(* Let $(V,\eta)$ be as in the context. For any three states $s,s_1,s_2\in\mathcal S$ there exists a unique $\vec\beta\in T_s\mathcal S$ with $\eta(\vec\beta,\vec\beta)<1$ such that $B(s,\vec\beta)s_1=s_2$. It is the following rational function of $(s,s_1,s_2)$: $$\vec\beta(s,s_1,s_2)=\frac{\gamma_1+\gamma_2}{\gamma_1^2+\gamma_2^2+\gamma_{12}-1}\bigl(s_2-s_1-(\gamma_2-\gamma_1)s\bigr),$$ where $\gamma_1=-\eta(s,s_1)$, $\gamma_2=-\eta(s,s_2)$, $\gamma_{12}=-\eta(s_1,s_2)$. The corresponding boost $B(s,s_1,s_2):=B(s,\vec\beta(s,s_1,s_2))$ is likewise rational in $(s,s_1,s_2)$, namely, with $s_{21}:=s_2-s_1$, $$B(s,s_1,s_2)=\mathrm{id}_V+\frac{2(1-\gamma_{12})\,s\otimes s+s_{21}\otimes s_{21}+2\gamma_1\,s\otimes s_{21}-2\gamma_2\,s_{21}\otimes s}{1+2\gamma_1\gamma_2-\gamma_{12}}.$$ Moreover $\vec\beta$ is Lorentz equivariant: for every linear map $L:V\to V$ preserving $\eta$ and mapping $\mathcal S$ onto itself, $\vec\beta(Ls,Ls_1,Ls_2)=L\,\vec\beta(s,s_1,s_2)$.
   Context: $V$ is a 4-dimensional real vector space with a symmetric non-degenerate bilinear form $\eta$ of signature $(-,+,+,+)$. The set of states of motion $\mathcal S$ is one fixed connected component of $\{v\in V:\eta(v,v)=-1\}$ (the future unit timelike vectors). For $s\in\mathcal S$, $T_s\mathcal S:=\{u\in V:\eta(u,s)=0\}$, on which $\eta$ is positive definite. Endomorphisms are written via $(u\otimes v)(w):=\eta(v,w)\,u$, and $u\wedge v:=u\otimes v-v\otimes u$. For $s\in\mathcal S$ and $\vec\beta\in T_s\mathcal S$ with $\beta^2:=\eta(\vec\beta,\vec\beta)<1$, $\beta>0$, put $\vec n=\vec\beta/\beta$, $\gamma=(1-\beta^2)^{-1/2}$; the boost relative to $s$ with velocity $\vec\beta$ is $$B(s,\vec\beta)=\mathrm{id}_V+(\gamma-1)(-s\otimes s+\vec n\otimes\vec n)+\beta\gamma(s\otimes\vec n-\vec n\otimes s),$$ and $B(s,0)=\mathrm{id}_V$. *)

From HB Require Import structures.
From mathcomp Require Import all_boot all_order all_algebra.
Set Implicit Arguments. Unset Strict Implicit. Unset Printing Implicit Defensive.
Import Order.TTheory GRing.Theory Num.Theory.
Local Open Scope ring_scope.

(* (V, eta): a real vector space V with a symmetric bilinear form eta such that
   V has a basis e_0..e_3 (so dim V = 4) in which eta = diag(-1,1,1,1);
   this encodes "4-dimensional, symmetric, non-degenerate, signature (-,+,+,+)". *)
Definition minkowski_space (R : rcfType) (V : lmodType R) (eta : V -> V -> R) : Prop :=
  [/\ (forall (a : R) (u v w : V), eta (a *: u + v) w = a * eta u w + eta v w),
      (forall u v : V, eta u v = eta v u)
    & exists e : 'I_4 -> V,
        (forall v : V, exists! c : 'I_4 -> R, v = \sum_(i < 4) c i *: e i) /\
        (forall i j : 'I_4, eta (e i) (e j) =
            if i == j then (if i == ord0 then -1 else 1) else 0)].

(* The fixed connected component S of {v | eta v v = -1}: the component
   containing the fixed unit timelike vector t, i.e. {v | eta v v = -1, eta v t < 0}. *)
Definition is_state (R : rcfType) (V : lmodType R) (eta : V -> V -> R) (t v : V) : Prop :=
  eta v v = -1 /\ eta v t < 0.

Definition tangent (R : rcfType) (V : lmodType R) (eta : V -> V -> R) (s u : V) : Prop :=
  eta u s = 0.

Definition tens (R : rcfType) (V : lmodType R) (eta : V -> V -> R) (u v w : V) : V :=
  eta v w *: u.

Definition boost (R : rcfType) (V : lmodType R) (eta : V -> V -> R) (s b : V) (w : V) : V :=
  if eta b b == 0 then w else
  let beta := Num.sqrt (eta b b) in
  let n := beta^-1 *: b in
  let g := (Num.sqrt (1 - beta ^+ 2))^-1 in
  w + (g - 1) *: (- tens eta s s w + tens eta n n w)
    + (beta * g) *: (tens eta s n w - tens eta n s w).

Definition beta_formula (R : rcfType) (V : lmodType R) (eta : V -> V -> R) (s s1 s2 : V) : V :=
  let g1 := - eta s s1 in
  let g2 := - eta s s2 in
  let g12 := - eta s1 s2 in
  ((g1 + g2) / (g1 ^+ 2 + g2 ^+ 2 + g12 - 1)) *: (s2 - s1 - (g2 - g1) *: s).

Definition boost_formula (R : rcfType) (V : lmodType R) (eta : V -> V -> R) (s s1 s2 : V) (w : V) : V :=
  let g1 := - eta s s1 in
  let g2 := - eta s s2 in
  let g12 := - eta s1 s2 in
  let s21 := s2 - s1 in
  w + (1 + 2 * g1 * g2 - g12)^-1 *:
        ((2 * (1 - g12)) *: tens eta s s w + tens eta s21 s21 w
         + (2 * g1) *: tens eta s s21 w - (2 * g2) *: tens eta s21 s w).

From HB Require Import structures.
From mathcomp Require Import all_boot all_order all_algebra.
From mathcomp Require Import ring lra.
Import Order.TTheory GRing.Theory Num.Theory.
Local Open Scope ring_scope.

(* Everything happens in the plane spanned by s and the tangent vector
   d21 = s2 - s1 - (g2 - g1) s, the projection of s2 - s1 onto T_s S.  For a
   tangent b, B(s, b) s1 - s1 is a combination of s and b whose s-component is
   g2 - g1; hence B(s, b) s1 = s2 forces d21 = g (g1 + g2) / (g + 1) b, and the
   relation g^2 (1 - eta(b, b)) = 1 for the Lorentz factor g of b then pins b
   down as beta(s, s1, s2).  Conversely, for this beta one finds
   1 - eta(beta, beta) = (qB / qbeta)^2 with qB = 1 + 2 g1 g2 - g12 and
   qbeta = g1^2 + g2^2 + g12 - 1, both positive because the eta-orthogonal
   complement of a unit timelike vector is positive definite; so g = qbeta / qB
   and the boost formula becomes a field identity.  Equivariance holds because
   beta is built from eta and linear operations only. *)

Section SymmetricBilinear.
Local Set Implicit Arguments.
Local Unset Strict Implicit.
Variables (R : rcfType) (V : lmodType R) (eta : V -> V -> R).
Hypothesis etaDZl : forall (a : R) (u v w : V), eta (a *: u + v) w = a * eta u w + eta v w.
Hypothesis etaC : forall u v : V, eta u v = eta v u.

Lemma etaDl u v w : eta (u + v) w = eta u w + eta v w.
Proof. by rewrite -[u]scale1r etaDZl mul1r scale1r. Qed.

Lemma eta0l w : eta 0 w = 0.
Proof. by apply: (addrI (eta 0 w)); rewrite -etaDl !addr0. Qed.

Lemma etaZl a u w : eta (a *: u) w = a * eta u w.
Proof. by rewrite -[a *: u]addr0 etaDZl eta0l addr0. Qed.

Lemma etaNl u w : eta (- u) w = - eta u w.
Proof. by rewrite -scaleN1r etaZl mulN1r. Qed.

Lemma etaDr u v w : eta w (u + v) = eta w u + eta w v.
Proof. by rewrite !(etaC w) etaDl. Qed.

Lemma eta0r w : eta w 0 = 0.
Proof. by rewrite etaC eta0l. Qed.

Lemma etaZr a u w : eta w (a *: u) = a * eta w u.
Proof. by rewrite !(etaC w) etaZl. Qed.

Lemma etaNr u w : eta w (- u) = - eta w u.
Proof. by rewrite !(etaC w) etaNl. Qed.

Lemma eta_suml (I : Type) (r : seq I) (F : I -> V) w :
  eta (\sum_(i <- r) F i) w = \sum_(i <- r) eta (F i) w.
Proof. exact: (big_morph (eta^~ w) (fun u v => etaDl u v w) (eta0l w)). Qed.

Variables (n : nat) (e : 'I_n -> V) (sg : 'I_n -> R).
Hypothesis e_ortho : forall i j, eta (e i) (e j) = if i == j then sg i else 0.

Lemma eta_coord (c : 'I_n -> R) j : eta (\sum_i c i *: e i) (e j) = c j * sg j.
Proof.
rewrite eta_suml (bigD1 j) //= big1 ?addr0 => [|i /negbTE nij].
  by rewrite etaZl e_ortho eqxx.
by rewrite etaZl e_ortho nij mulr0.
Qed.

Lemma eta_coords (c d : 'I_n -> R) :
  eta (\sum_i c i *: e i) (\sum_j d j *: e j) = \sum_i sg i * c i * d i.
Proof.
rewrite etaC eta_suml; apply: eq_bigr => i _.
by rewrite etaZl etaC eta_coord; ring.
Qed.

End SymmetricBilinear.

Section MinkowskiSpace.
Local Set Implicit Arguments.
Local Unset Strict Implicit.
Variables (R : rcfType) (V : lmodType R) (eta : V -> V -> R).

Lemma lorentz4_orthogonal (a c : 'I_4 -> R) :
  let sg i : R := if i == ord0 then -1 else 1 in
  \sum_i sg i * a i * a i = -1 -> \sum_i sg i * c i * a i = 0 ->
  0 <= \sum_i sg i * c i * c i /\
  (\sum_i sg i * c i * c i = 0 -> \sum_i c i ^+ 2 = 0).
Proof.
rewrite /= !big_ord_recl !big_ord0 /=.
set a0 := a ord0; set a1 := a _; set a2 := a _; set a3 := a _.
set c0 := c ord0; set c1 := c _; set c2 := c _; set c3 := c _.
rewrite !mulN1r !mul1r !addr0 => ha hca.
set S := c1 ^+ 2 + c2 ^+ 2 + c3 ^+ 2.
set Q := (c1 * a2 - c2 * a1) ^+ 2 + (c1 * a3 - c3 * a1) ^+ 2 + (c2 * a3 - c3 * a2) ^+ 2.
have S_ge0 : 0 <= S by rewrite /S; do 2?[apply: addr_ge0]; exact: sqr_ge0.
have Q_ge0 : 0 <= Q by rewrite /Q; do 2?[apply: addr_ge0]; exact: sqr_ge0.
have a0_gt0 : 0 < a0 ^+ 2.
  have : 0 <= a1 ^+ 2 + a2 ^+ 2 + a3 ^+ 2 by do 2?[apply: addr_ge0]; exact: sqr_ge0.
  by rewrite !expr2; lra.
(* Lagrange's identity for the spatial parts *)
have key : a0 ^+ 2 * (S - c0 ^+ 2) = S + Q.
  have -> : a0 ^+ 2 * (S - c0 ^+ 2) = a0 ^+ 2 * S - (a0 * c0) ^+ 2 by ring.
  have -> : a0 ^+ 2 = 1 + (a1 ^+ 2 + a2 ^+ 2 + a3 ^+ 2) by rewrite !expr2; lra.
  have -> : a0 * c0 = a1 * c1 + a2 * c2 + a3 * c3 by lra.
  by rewrite /S /Q; ring.
have -> : - c0 * c0 + (c1 * c1 + (c2 * c2 + c3 * c3)) = S - c0 ^+ 2 by rewrite /S; ring.
have -> : c0 ^+ 2 + (c1 ^+ 2 + (c2 ^+ 2 + c3 ^+ 2)) = 2 * S - (S - c0 ^+ 2).
  by rewrite /S; ring.
split=> [|q0]; first by rewrite -(pmulr_rge0 _ a0_gt0) key addr_ge0.
have S0 : S = 0 by move: key; rewrite q0 mulr0; lra.
by rewrite q0 S0 mulr0 subr0.
Qed.

Definition lorentz_factor (b : V) : R := (Num.sqrt (1 - eta b b))^-1.

Hypothesis hV : minkowski_space eta.

Let etaDZl : forall (a : R) (u v w : V), eta (a *: u + v) w = a * eta u w + eta v w.
Proof. by case: hV. Qed.

Let etaC : forall u v : V, eta u v = eta v u.
Proof. by case: hV. Qed.

Let etaE := (etaDl etaDZl, etaDr etaDZl etaC, etaZl etaDZl, etaZr etaDZl etaC,
             etaNl etaDZl, etaNr etaDZl etaC, eta0l etaDZl, eta0r etaDZl etaC).

Lemma minkowski_eq u v : (forall z, eta u z = eta v z) -> u = v.
Proof.
case: hV => _ _ [e [basis ortho]] huv.
have [c [uvE _]] := basis (u - v).
apply/eqP; rewrite -subr_eq0 uvE; apply/eqP/big1 => j _.
have := eta_coord etaDZl ortho c j.
rewrite -uvE !etaE huv subrr => /esym/eqP.
have sg_neq0 : (if j == ord0 then -1 else 1 : R) != 0.
  by case: ifP; rewrite ?oppr_eq0 oner_eq0.
by rewrite mulf_eq0 (negbTE sg_neq0) orbF => /eqP ->; rewrite scale0r.
Qed.

Lemma orthogonal_timelike_posdef s u : eta s s = -1 -> eta u s = 0 ->
  0 <= eta u u /\ (eta u u = 0 -> u = 0).
Proof.
case: hV => _ _ [e [basis ortho]].
have [a [-> _]] := basis s; have [c [-> _]] := basis u.
rewrite !(eta_coords etaDZl etaC ortho) => ha hca.
have [q_ge0 q0] := lorentz4_orthogonal ha hca.
split=> // /q0 c0; apply/big1 => i _.
have /eqP := psumr_eq0P (fun i _ => sqr_ge0 (c i)) c0 (i := i) isT.
by rewrite sqrf_eq0 => /eqP ->; rewrite scale0r.
Qed.

Lemma state_eta_lt0 t s s1 : eta t t = -1 ->
  is_state eta t s -> is_state eta t s1 -> eta s s1 < 0.
Proof.
move=> ht [hs hst] [hs1 hs1t].
set a := - eta s t; set a1 := - eta s1 t.
have a_gt0 : 0 < a by rewrite oppr_gt0.
have a1_gt0 : 0 < a1 by rewrite oppr_gt0.
have v_orth : eta (a1 *: s - a *: s1) t = 0 by rewrite !etaE /a /a1; ring.
have [v_ge0 _] := orthogonal_timelike_posdef ht v_orth.
move: v_ge0; rewrite !etaE hs hs1 (etaC s1 s) => v_ge0.
have : 0 < a ^+ 2 + a1 ^+ 2 by rewrite addr_gt0 ?exprn_gt0.
have : 0 < a * a1 by rewrite mulr_gt0.
nra.
Qed.

Lemma lorentz_factor_gt0 b : eta b b < 1 -> 0 < lorentz_factor b.
Proof. by move=> hb; rewrite invr_gt0 sqrtr_gt0 subr_gt0. Qed.

Lemma lorentz_factorE b : eta b b < 1 -> lorentz_factor b ^+ 2 * (1 - eta b b) = 1.
Proof.
move=> hb; rewrite exprVn sqr_sqrtr ?subr_ge0 ?ltW // mulVf //.
by rewrite subr_eq0 eq_sym lt_eqF.
Qed.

• How to complete this task: In the entries above, the lines between the one holding "have := eta_coord etaDZl ortho c j." and the one holding "set a := - eta s t; set a1 := - eta s1 t.", inclusive, are to be printed exactly as written, and those alone.

• Answer section:
have := eta_coord etaDZl ortho c j.
rewrite -uvE !etaE huv subrr => /esym/eqP.
have sg_neq0 : (if j == ord0 then -1 else 1 : R) != 0.
  by case: ifP; rewrite ?oppr_eq0 oner_eq0.
by rewrite mulf_eq0 (negbTE sg_neq0) orbF => /eqP ->; rewrite scale0r.
Qed.

Lemma orthogonal_timelike_posdef s u : eta s s = -1 -> eta u s = 0 ->
  0 <= eta u u /\ (eta u u = 0 -> u = 0).
Proof.
case: hV => _ _ [e [basis ortho]].
have [a [-> _]] := basis s; have [c [-> _]] := basis u.
rewrite !(eta_coords etaDZl etaC ortho) => ha hca.
have [q_ge0 q0] := lorentz4_orthogonal ha hca.
split=> // /q0 c0; apply/big1 => i _.
have /eqP := psumr_eq0P (fun i _ => sqr_ge0 (c i)) c0 (i := i) isT.
by rewrite sqrf_eq0 => /eqP ->; rewrite scale0r.
Qed.

Lemma state_eta_lt0 t s s1 : eta t t = -1 ->
  is_state eta t s -> is_state eta t s1 -> eta s s1 < 0.
Proof.
move=> ht [hs hst] [hs1 hs1t].
set a := - eta s t; set a1 := - eta s1 t.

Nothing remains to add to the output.